I’ve kept all mine. Such as they were. I’ve also kept all my snail mail and email since I was 18. Whether anyone could figure out how to get their hands on it, I don’t know. My journals are in a file cabinet. I don’t believe I have touched them since I put them there. I wonder if my kids will every search through the cabinets out of curiosity. I think I’d rather that they read them secretly because that way they can’t say anything about them to me. But I do want them to read them. I was a miserable teenager and I hope they don’t go through that.

mrentropy's avatar

[recycle old joke]I wish I was a dairy farmer so I could keep a daily dairy diary.[/recycle]

absalom's avatar

They’re spread out over various disembodied harddrives.
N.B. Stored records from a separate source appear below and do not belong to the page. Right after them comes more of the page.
(* Let $v=v_1\cdots v_n$ be a word of distinct positive integers avoiding $31425,32415,31524,32514$, with positions of left-to-right maxima $a_1<\dots<a_h$ and of right-to-left maxima $b_1<\dots<b_g$ ($a_h=b_1$). Assume $g>1$, $a_h>h$, $h>2$ and $v_{a_{h-1}}>v_{b_2}$. Let $x=\max(\{j:1\le j<a_{h-1},\ v_j>v_{j+1}\}\cup\{0\})$. Then one of the following holds: (B-1) $x=0$; (B-2) $x\ne0$ and $a_h=a_{h-1}+1$; moreover, if $v_{b_2}>v_x$ then $v_x<v_j<v_{b_2}$ for all $a_h<j<b_2$; (B-3) $x\ne 0$, $a_h>a_{h-1}+1$, and $v_x<v_j<v_{a_{h-1}}$ for all $a_{h-1}<j<a_h$; moreover, if $v_{b_2}>v_x$ then $v_x<v_j<v_{b_2}$ for all $a_h<j<b_2$.
   Context: A word of distinct positive integers avoids a pattern $P$ (a permutation of $[m]$) if no subsequence of length $m$ is order-isomorphic to $P$. A left-to-right (resp. right-to-left) maximum of $v$ is a letter $v_i$ greater than all letters to its left (resp. right). *)

From mathcomp Require Import all_boot.
Set Implicit Arguments. Unset Strict Implicit. Unset Printing Implicit Defensive.

(* Words are [seq nat]; positions are 1-indexed as in the paper. *)
Definition letter (v : seq nat) (i : nat) : nat := nth 0 v i.-1.

Definition order_iso (w P : seq nat) : Prop :=
  size w = size P /\
  forall k l, k < size P -> l < size P ->
    (nth 0 w k < nth 0 w l) = (nth 0 P k < nth 0 P l).

Definition avoids (v P : seq nat) : Prop :=
  ~ exists w, subseq w v /\ order_iso w P.

Definition is_ltr_max (v : seq nat) (i : nat) : bool :=
  [&& 0 < i, i <= size v & [forall j : 'I_i, (0 < j) ==> (letter v j < letter v i)]].

Definition is_rtl_max (v : seq nat) (i : nat) : bool :=
  [&& 0 < i, i <= size v &
      [forall j : 'I_(size v).+1, (i < j) ==> (letter v j < letter v i)]].

Definition ltr_pos (v : seq nat) : seq nat := [seq i <- iota 1 (size v) | is_ltr_max v i].
Definition rtl_pos (v : seq nat) : seq nat := [seq i <- iota 1 (size v) | is_rtl_max v i].

Definition pos (s : seq nat) (k : nat) : nat := nth 0 s k.-1.

Definition xdesc (v : seq nat) (A : nat) : nat :=
  \max_(1 <= j < A | letter v j.+1 < letter v j) j.

From mathcomp Require Import all_boot zify.
Set Implicit Arguments. Unset Strict Implicit. Unset Printing Implicit Defensive.

(* Write A = a_(h-1), M = a_h and B = b_2. The last left-to-right maximum M is the
   strict global maximum, hence also the first right-to-left maximum, so A < M < B;
   every letter strictly between A and M is below v_A, and every letter strictly
   between M and B is below v_B. If x > 0 then x + 1 < A and v_(x+1) < v_x < v_A < v_M.
   A letter v_j < v_x with A < j < M would make x, x+1, A, j, M an occurrence of
   31425 or 32415; with M < j < B and v_x < v_B, the positions x, x+1, M, j, B would
   form 31524 or 32514. *)

Section SortedNth.
Variable s : seq nat.
Hypothesis s_sorted : sorted ltn s.

Lemma leq_nth_sorted : {in [pred i | i < size s] &, {mono nth 0 s : i j / i <= j}}.
Proof. exact/leq_mono_in/(sorted_ltn_nth ltn_trans). Qed.

Lemma ltn_nth_sorted i j : i < j -> j < size s -> nth 0 s i < nth 0 s j.
Proof.
move=> lt_ij lt_j; apply: (sorted_ltn_nth ltn_trans) => //; rewrite inE //.
exact: ltn_trans lt_j.
Qed.

Lemma mem_leq_nth m k : m \in s -> k < size s -> (m <= nth 0 s k) = (index m s <= k).
Proof.
by move=> m_in k_lt; rewrite -{1}(nth_index 0 m_in) leq_nth_sorted ?inE ?index_mem.
Qed.

Lemma nth_leq_mem m k : m \in s -> k < size s -> (nth 0 s k <= m) = (k <= index m s).
Proof.
by move=> m_in k_lt; rewrite -{1}(nth_index 0 m_in) leq_nth_sorted ?inE ?index_mem.
Qed.

End SortedNth.

Section Word.
Variable v : seq nat.

Lemma map_letter_iota : map (letter v) (iota 1 (size v)) = v.
Proof.
by rewrite (iotaDl 1 0) -map_comp -[RHS](mkseq_nth 0 v); apply: eq_map.
Qed.

Lemma subseq_letters ps : sorted ltn ps -> all (fun p => 0 < p <= size v) ps ->
  subseq (map (letter v) ps) v.
Proof.
move=> ps_sorted ps_range; rewrite -[X in subseq _ X]map_letter_iota.
have ps_uniq : uniq ps by move: ps_sorted; rewrite ltn_sorted_uniq_leq => /andP[].
suff -> : ps = filter (mem ps) (iota 1 (size v)) by apply/map_subseq/filter_subseq.
apply: (irr_sorted_eq ltn_trans ltnn) => //.
  exact: (sorted_filter ltn_trans _ (iota_ltn_sorted 1 (size v))).
move=> p; rewrite mem_filter mem_iota /=.
by case: (boolP (p \in ps)) => //= /(allP ps_range); lia.
Qed.

Lemma avoids_positions P ps : avoids v P -> sorted ltn ps ->
  all (fun p => 0 < p <= size v) ps -> ~ order_iso (map (letter v) ps) P.
Proof.
move=> av_P ps_sorted ps_range iso; apply: av_P.
by exists (map (letter v) ps); split; first exact: subseq_letters.
Qed.

End Word.

Lemma order_iso_relabel (cs P : seq nat) : sorted ltn cs ->
  all (fun p => 0 < p <= size cs) P -> order_iso [seq nth 0 cs p.-1 | p <- P] P.
Proof.
move=> cs_sorted P_range; split; first by rewrite size_map.
move=> k l k_lt l_lt; rewrite !(nth_map 0) //.
move: (allP P_range _ (mem_nth 0 k_lt)) (allP P_range _ (mem_nth 0 l_lt)).
move: (nth 0 P k) (nth 0 P l) => p q /andP[p_gt0 p_le] /andP[q_gt0 q_le].
by rewrite -!subn1 (leqW_mono_in (leq_nth_sorted cs_sorted)) ?inE;
  [apply/idP/idP | |]; lia.
Qed.

Section Maxima.
Variable v : seq nat.
Local Notation a := (ltr_pos v).
Local Notation b := (rtl_pos v).

Lemma is_ltr_maxP i : reflect (0 < i <= size v /\
    forall j, 0 < j < i -> letter v j < letter v i) (is_ltr_max v i).
Proof.
apply: (iffP and3P) => [[i_gt0 i_le /forallP lt_i] | [/andP[i_gt0 i_le] lt_i]].
  split=> [|j /andP[j_gt0 lt_ji]]; first by rewrite i_gt0.
  by have := lt_i (Ordinal lt_ji); rewrite /= j_gt0.
split=> //; apply/forallP => j; apply/implyP => j_gt0.
by apply: lt_i; rewrite j_gt0 ltn_ord.
Qed.

Lemma is_rtl_maxP i : reflect (0 < i <= size v /\
    forall j, i < j <= size v -> letter v j < letter v i) (is_rtl_max v i).
Proof.
apply: (iffP and3P) => [[i_gt0 i_le /forallP lt_i] | [/andP[i_gt0 i_le] lt_i]].
  split=> [|j /andP[lt_ij j_le]]; first by rewrite i_gt0.
  by have := lt_i (Ordinal (j_le : j < (size v).+1)); rewrite /= lt_ij.
split=> //; apply/forallP => j; apply/implyP => lt_ij.
by apply: lt_i; rewrite lt_ij -ltnS ltn_ord.
Qed.

Lemma mem_ltr_pos i : (i \in a) = is_ltr_max v i.
Proof.
rewrite mem_filter mem_iota andb_idr // => /is_ltr_maxP[i_range _]; lia.
Qed.

Lemma mem_rtl_pos i : (i \in b) = is_rtl_max v i.
Proof.
rewrite mem_filter mem_iota andb_idr // => /is_rtl_maxP[i_range _]; lia.
Qed.

Lemma is_ltr_max_nth k : k < size a -> is_ltr_max v (nth 0 a k).
Proof. by move=> k_lt; rewrite -mem_ltr_pos mem_nth. Qed.

Lemma is_rtl_max_nth k : k < size b -> is_rtl_max v (nth 0 b k).
Proof. by move=> k_lt; rewrite -mem_rtl_pos mem_nth. Qed.

Lemma sorted_ltr_pos : sorted ltn a.
Proof. exact: (sorted_filter ltn_trans _ (iota_ltn_sorted 1 (size v))). Qed.

Lemma sorted_rtl_pos : sorted ltn b.
Proof. exact: (sorted_filter ltn_trans _ (iota_ltn_sorted 1 (size v))). Qed.

Lemma ltr_max_dominates j : 0 < j <= size v ->
  exists k, [/\ is_ltr_max v k, k <= j & letter v j <= letter v k].
Proof.
elim/ltn_ind: j => j IH j_range.
have [j_max | ] := boolP (is_ltr_max v j); first by exists j.
case/andP: (j_range) => j_gt0 j_le; rewrite /is_ltr_max j_gt0 j_le negb_forall.
case/existsP=> i; rewrite negb_imply -leqNgt => /andP[i_gt0 le_ji].
have lt_ij := ltn_ord i.
have [|k [k_max le_ki le_ik]] := IH i lt_ij; first lia.
by exists k; split=> //; [lia | exact: leq_trans le_ik].
Qed.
The few old notebooks are hidden beneath some junk in my desk drawer.

Hopefully no one will ever see them.

flutherother's avatar

I’ve kept a written diary for 45 years but have lost most of them unfortunately. The last 11 years are on my PC.

stardust's avatar

I was wondering about this lately as I’ve been doing a clear-out. I’ve got a few journals which I don’t necessarily want to keep, but I think I’ll hold onto them all the same. My future kids might want to read them someday.

Bellatrix's avatar

They sit on a bookshelf waiting for me to get my arse into gear and write something. I looked at one I started in 2008…the next entry was 2010 and I wrote something in 2011… does once a year count as journaling? My husband has now banned me from buying books to use as journals. I have quite a few.

sevenfourteen's avatar

I agree with some of the others – it’s funny to look back and see how your perspectives have changed. It may be a good way to connect with your children in the future because they always tend to think “you don’t understand” “this is completely different”. However as 7th heaven as it may seem letting them go through your journals/going through the journals with them may allow you to share experiences and grow closer (as long as you proofread them first!). Every generation encounters the same problems and everyday situations, although the technology changes social patterns do not and your children can see how their own parents reacted to similar situations instead of you lecturing them on the right/wrong thing to do.